Segment Start: RECORDS FOR PROCESSING
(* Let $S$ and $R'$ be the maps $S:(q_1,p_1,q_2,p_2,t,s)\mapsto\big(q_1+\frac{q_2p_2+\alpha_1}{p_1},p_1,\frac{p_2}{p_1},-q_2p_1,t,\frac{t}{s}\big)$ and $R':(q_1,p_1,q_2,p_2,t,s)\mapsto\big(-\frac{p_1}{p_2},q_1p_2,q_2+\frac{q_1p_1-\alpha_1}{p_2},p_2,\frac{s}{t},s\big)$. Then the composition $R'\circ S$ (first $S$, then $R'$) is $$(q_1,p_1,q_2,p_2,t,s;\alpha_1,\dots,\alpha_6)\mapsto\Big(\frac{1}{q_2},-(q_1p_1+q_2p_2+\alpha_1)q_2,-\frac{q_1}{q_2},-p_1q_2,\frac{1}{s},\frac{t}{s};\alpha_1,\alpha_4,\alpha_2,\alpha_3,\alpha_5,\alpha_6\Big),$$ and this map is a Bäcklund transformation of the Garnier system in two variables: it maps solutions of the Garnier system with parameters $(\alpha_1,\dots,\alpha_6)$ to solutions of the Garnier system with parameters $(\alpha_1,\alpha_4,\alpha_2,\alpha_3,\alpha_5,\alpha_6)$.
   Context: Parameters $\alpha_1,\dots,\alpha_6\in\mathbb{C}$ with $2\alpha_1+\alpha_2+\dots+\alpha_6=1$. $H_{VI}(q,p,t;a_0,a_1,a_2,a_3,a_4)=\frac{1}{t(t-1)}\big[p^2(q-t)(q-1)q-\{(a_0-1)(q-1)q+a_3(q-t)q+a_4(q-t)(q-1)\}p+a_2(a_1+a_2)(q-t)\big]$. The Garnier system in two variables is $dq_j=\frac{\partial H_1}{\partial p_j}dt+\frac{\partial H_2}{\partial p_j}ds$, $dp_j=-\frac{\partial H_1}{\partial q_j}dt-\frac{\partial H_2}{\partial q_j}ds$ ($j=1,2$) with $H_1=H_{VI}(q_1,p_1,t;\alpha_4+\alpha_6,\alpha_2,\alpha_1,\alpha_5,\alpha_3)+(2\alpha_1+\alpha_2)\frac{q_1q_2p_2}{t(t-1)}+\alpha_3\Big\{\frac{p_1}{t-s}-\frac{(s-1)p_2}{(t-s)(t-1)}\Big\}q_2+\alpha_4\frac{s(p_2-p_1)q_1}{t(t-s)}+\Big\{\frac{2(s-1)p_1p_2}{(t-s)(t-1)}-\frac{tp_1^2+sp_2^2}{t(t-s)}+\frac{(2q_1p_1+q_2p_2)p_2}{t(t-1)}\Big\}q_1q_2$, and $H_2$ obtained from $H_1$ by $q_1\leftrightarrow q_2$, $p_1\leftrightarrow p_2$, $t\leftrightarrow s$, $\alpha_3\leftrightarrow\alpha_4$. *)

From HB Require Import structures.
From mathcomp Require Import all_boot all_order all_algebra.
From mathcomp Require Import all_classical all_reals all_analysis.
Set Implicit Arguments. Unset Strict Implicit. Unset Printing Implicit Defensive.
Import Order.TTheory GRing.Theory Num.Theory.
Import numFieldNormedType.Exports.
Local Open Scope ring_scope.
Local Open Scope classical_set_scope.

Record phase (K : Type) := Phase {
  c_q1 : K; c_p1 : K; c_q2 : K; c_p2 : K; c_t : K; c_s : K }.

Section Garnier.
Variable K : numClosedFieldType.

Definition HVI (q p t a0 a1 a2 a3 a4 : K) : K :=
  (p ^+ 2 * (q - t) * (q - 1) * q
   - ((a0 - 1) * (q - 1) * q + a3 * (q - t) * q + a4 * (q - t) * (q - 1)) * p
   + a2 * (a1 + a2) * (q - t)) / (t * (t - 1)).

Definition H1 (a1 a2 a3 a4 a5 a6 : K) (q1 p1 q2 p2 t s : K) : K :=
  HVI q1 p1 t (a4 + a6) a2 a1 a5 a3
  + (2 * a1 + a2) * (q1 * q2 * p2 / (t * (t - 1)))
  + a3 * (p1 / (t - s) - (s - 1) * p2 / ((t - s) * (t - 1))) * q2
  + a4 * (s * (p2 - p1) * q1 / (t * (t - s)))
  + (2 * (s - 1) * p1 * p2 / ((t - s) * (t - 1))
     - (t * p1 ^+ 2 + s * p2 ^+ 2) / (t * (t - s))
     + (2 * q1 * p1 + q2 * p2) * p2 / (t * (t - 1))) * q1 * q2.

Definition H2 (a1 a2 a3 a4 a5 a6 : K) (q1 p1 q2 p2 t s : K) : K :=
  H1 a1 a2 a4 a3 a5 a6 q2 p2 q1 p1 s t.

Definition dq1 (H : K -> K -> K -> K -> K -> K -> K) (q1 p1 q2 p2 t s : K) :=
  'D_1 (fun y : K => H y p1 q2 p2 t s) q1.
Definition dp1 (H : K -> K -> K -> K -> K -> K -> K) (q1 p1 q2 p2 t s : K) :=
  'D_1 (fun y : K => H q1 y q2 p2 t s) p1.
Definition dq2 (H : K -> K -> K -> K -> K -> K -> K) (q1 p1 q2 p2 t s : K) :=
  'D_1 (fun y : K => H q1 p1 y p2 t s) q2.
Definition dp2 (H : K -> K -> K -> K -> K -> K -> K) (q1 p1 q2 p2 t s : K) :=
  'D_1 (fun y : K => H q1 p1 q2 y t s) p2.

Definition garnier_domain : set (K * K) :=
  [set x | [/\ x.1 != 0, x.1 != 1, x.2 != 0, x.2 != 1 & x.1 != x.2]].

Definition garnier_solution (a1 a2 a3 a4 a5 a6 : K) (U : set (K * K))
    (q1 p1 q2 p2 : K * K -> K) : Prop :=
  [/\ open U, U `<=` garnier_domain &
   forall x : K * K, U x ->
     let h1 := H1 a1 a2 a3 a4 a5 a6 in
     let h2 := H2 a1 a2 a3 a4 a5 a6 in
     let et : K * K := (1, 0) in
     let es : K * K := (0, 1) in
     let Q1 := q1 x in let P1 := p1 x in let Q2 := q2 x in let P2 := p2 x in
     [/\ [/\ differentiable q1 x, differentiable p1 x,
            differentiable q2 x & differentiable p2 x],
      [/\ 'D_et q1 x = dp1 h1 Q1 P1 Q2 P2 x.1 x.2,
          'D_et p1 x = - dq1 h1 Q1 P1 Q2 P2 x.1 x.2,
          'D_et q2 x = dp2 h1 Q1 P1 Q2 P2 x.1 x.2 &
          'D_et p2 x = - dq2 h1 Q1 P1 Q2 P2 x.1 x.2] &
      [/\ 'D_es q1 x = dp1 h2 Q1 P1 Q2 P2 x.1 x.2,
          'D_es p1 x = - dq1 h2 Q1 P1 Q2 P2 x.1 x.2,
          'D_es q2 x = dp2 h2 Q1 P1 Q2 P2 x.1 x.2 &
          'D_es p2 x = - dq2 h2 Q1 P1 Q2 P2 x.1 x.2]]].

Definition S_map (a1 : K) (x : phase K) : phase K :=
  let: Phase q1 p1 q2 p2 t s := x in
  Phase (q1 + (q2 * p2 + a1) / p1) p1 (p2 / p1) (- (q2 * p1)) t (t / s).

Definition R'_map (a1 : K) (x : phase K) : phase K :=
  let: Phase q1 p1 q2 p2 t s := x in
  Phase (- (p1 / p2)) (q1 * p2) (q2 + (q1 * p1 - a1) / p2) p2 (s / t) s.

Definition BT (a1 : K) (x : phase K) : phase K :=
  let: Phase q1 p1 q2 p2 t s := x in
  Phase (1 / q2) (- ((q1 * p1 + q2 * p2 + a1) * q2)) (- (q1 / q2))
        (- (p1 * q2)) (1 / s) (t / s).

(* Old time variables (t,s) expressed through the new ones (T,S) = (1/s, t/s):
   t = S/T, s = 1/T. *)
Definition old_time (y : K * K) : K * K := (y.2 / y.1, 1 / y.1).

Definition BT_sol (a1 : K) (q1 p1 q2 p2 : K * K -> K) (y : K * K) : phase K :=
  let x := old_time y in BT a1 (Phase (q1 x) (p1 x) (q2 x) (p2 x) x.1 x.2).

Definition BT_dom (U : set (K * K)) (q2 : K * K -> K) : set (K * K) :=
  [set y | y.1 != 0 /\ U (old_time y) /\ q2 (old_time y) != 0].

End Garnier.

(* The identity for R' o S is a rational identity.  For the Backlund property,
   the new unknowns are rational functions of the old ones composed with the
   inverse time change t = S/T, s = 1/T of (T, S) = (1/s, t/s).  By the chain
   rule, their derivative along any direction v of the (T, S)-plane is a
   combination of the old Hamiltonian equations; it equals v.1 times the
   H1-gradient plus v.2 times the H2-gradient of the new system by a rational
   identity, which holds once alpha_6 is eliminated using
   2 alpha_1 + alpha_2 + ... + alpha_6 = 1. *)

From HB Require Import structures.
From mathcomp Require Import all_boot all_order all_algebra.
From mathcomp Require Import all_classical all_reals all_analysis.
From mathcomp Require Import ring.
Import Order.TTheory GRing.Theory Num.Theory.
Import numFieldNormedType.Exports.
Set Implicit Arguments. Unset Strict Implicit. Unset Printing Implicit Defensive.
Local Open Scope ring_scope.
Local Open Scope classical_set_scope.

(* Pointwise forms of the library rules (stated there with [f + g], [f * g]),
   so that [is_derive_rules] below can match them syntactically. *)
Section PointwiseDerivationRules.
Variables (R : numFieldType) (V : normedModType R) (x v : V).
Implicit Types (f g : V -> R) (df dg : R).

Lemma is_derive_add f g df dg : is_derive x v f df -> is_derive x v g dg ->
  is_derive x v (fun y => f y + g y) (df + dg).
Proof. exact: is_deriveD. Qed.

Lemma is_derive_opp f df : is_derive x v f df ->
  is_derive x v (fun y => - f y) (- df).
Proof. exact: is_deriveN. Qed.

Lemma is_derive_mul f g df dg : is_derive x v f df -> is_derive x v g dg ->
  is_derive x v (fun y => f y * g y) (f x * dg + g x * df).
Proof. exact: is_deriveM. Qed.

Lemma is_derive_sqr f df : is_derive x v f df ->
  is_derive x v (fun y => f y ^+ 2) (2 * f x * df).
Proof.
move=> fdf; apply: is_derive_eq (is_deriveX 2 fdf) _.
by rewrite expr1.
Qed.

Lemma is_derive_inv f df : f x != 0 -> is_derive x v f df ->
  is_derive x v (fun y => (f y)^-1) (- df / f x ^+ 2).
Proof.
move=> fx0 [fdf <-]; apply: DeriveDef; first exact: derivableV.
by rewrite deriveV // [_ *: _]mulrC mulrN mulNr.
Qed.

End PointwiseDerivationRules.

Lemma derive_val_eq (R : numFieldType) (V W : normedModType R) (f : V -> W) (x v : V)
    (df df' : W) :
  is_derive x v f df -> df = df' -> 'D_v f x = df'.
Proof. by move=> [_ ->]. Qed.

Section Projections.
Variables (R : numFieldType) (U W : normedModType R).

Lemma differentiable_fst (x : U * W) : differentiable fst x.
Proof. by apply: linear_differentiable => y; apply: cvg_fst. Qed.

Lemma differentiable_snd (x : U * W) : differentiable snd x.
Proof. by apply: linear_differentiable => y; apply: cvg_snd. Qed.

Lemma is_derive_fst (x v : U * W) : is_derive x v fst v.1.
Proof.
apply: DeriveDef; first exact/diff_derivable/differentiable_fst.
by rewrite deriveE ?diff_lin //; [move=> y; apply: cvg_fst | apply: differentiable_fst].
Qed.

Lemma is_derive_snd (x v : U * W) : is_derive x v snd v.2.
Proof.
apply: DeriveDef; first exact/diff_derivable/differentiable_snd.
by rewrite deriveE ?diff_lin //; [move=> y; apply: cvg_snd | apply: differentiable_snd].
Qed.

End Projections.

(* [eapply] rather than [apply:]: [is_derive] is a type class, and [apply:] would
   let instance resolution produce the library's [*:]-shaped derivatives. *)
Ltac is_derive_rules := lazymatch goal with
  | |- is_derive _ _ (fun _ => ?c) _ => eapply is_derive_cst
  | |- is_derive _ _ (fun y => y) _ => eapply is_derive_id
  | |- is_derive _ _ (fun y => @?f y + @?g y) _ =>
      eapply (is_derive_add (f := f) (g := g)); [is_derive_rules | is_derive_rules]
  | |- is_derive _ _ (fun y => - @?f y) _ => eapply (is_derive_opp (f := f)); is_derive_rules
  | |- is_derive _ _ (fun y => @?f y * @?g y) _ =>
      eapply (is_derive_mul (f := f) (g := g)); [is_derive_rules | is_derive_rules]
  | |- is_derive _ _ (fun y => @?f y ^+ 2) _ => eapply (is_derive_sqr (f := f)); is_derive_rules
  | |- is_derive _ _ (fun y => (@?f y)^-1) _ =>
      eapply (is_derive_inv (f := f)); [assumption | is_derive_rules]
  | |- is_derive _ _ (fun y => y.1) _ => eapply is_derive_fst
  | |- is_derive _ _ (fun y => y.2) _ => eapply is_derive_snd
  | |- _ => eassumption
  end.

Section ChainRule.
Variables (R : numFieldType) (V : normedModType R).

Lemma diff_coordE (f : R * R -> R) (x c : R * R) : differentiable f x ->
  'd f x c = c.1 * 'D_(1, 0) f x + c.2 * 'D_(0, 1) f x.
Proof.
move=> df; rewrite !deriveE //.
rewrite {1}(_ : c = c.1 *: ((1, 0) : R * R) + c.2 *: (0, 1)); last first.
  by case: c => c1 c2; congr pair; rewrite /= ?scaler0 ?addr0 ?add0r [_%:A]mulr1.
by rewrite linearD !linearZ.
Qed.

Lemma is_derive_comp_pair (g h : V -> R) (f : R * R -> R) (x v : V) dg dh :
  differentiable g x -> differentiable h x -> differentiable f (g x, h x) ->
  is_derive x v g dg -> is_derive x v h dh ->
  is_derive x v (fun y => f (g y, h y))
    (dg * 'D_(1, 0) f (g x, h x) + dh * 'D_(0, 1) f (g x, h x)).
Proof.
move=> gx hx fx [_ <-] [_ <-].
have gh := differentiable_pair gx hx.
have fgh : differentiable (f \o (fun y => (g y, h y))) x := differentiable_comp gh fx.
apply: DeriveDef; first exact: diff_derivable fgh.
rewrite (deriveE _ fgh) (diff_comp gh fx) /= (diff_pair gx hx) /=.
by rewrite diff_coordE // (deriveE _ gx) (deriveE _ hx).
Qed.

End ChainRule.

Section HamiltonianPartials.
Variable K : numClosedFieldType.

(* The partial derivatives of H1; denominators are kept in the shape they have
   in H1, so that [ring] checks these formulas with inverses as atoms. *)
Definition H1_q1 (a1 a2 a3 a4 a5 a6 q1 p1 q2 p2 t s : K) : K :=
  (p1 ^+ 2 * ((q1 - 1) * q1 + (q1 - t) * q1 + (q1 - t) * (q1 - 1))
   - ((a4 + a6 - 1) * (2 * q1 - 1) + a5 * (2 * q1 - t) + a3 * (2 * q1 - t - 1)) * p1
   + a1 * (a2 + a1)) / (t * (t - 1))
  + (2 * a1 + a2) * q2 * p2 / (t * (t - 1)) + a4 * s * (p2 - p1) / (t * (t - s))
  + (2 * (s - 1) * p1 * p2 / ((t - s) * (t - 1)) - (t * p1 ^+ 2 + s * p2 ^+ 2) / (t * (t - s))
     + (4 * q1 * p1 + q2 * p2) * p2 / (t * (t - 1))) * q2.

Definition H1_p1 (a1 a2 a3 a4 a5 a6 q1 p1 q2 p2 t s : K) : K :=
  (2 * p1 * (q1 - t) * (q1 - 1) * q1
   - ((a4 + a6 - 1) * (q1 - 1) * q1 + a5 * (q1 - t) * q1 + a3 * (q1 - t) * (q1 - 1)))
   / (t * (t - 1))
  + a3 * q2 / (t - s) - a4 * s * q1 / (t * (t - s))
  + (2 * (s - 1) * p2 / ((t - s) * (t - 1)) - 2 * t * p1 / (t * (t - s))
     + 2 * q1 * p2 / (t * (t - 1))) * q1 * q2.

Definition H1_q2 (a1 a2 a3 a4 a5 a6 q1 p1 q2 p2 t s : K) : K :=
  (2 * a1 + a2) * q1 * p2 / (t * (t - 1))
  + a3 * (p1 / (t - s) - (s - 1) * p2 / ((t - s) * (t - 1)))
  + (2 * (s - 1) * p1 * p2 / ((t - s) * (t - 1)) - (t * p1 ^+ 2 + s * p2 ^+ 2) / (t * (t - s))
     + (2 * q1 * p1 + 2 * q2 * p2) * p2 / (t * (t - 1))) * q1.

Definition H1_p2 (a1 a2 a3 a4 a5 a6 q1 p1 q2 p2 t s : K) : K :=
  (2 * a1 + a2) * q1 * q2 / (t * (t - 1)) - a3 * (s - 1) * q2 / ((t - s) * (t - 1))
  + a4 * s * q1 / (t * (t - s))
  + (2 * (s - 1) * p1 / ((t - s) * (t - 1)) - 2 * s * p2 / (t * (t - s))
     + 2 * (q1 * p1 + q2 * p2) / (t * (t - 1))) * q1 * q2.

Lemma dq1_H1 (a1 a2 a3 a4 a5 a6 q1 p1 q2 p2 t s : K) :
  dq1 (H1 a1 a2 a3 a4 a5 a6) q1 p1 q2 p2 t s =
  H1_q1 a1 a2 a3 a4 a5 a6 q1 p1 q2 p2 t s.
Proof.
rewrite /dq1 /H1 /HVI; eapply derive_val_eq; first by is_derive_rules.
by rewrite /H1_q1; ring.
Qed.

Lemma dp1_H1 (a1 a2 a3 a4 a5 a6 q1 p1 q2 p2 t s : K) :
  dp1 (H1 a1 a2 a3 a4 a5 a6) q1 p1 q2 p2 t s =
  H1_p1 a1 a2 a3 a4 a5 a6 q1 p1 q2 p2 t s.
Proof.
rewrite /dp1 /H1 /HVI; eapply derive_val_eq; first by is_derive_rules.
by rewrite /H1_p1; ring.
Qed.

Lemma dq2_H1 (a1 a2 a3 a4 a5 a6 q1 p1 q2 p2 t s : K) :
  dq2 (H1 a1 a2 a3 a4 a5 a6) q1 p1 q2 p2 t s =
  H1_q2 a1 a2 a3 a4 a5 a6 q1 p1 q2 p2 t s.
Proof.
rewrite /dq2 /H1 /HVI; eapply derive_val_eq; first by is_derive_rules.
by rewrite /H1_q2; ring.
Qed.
Segment End: RECORDS FOR PROCESSING
WHAT THE TASK REQUIRES >>
Look through the entries above and quote exactly the lines from the line with "Proof. exact: is_deriveD. Qed." to the line with "apply: DeriveDef; first exact/diff_derivable/differentiable_fst.", counting both of those lines.

OUTPUT OF THE EXERCISE >>
Proof. exact: is_deriveD. Qed.

Lemma is_derive_opp f df : is_derive x v f df ->
  is_derive x v (fun y => - f y) (- df).
Proof. exact: is_deriveN. Qed.

Lemma is_derive_mul f g df dg : is_derive x v f df -> is_derive x v g dg ->
  is_derive x v (fun y => f y * g y) (f x * dg + g x * df).
Proof. exact: is_deriveM. Qed.

Lemma is_derive_sqr f df : is_derive x v f df ->
  is_derive x v (fun y => f y ^+ 2) (2 * f x * df).
Proof.
move=> fdf; apply: is_derive_eq (is_deriveX 2 fdf) _.
by rewrite expr1.
Qed.

Lemma is_derive_inv f df : f x != 0 -> is_derive x v f df ->
  is_derive x v (fun y => (f y)^-1) (- df / f x ^+ 2).
Proof.
move=> fx0 [fdf <-]; apply: DeriveDef; first exact: derivableV.
by rewrite deriveV // [_ *: _]mulrC mulrN mulNr.
Qed.

End PointwiseDerivationRules.

Lemma derive_val_eq (R : numFieldType) (V W : normedModType R) (f : V -> W) (x v : V)
    (df df' : W) :
  is_derive x v f df -> df = df' -> 'D_v f x = df'.
Proof. by move=> [_ ->]. Qed.

Section Projections.
Variables (R : numFieldType) (U W : normedModType R).

Lemma differentiable_fst (x : U * W) : differentiable fst x.
Proof. by apply: linear_differentiable => y; apply: cvg_fst. Qed.

Lemma differentiable_snd (x : U * W) : differentiable snd x.
Proof. by apply: linear_differentiable => y; apply: cvg_snd. Qed.

Lemma is_derive_fst (x v : U * W) : is_derive x v fst v.1.
Proof.
apply: DeriveDef; first exact/diff_derivable/differentiable_fst.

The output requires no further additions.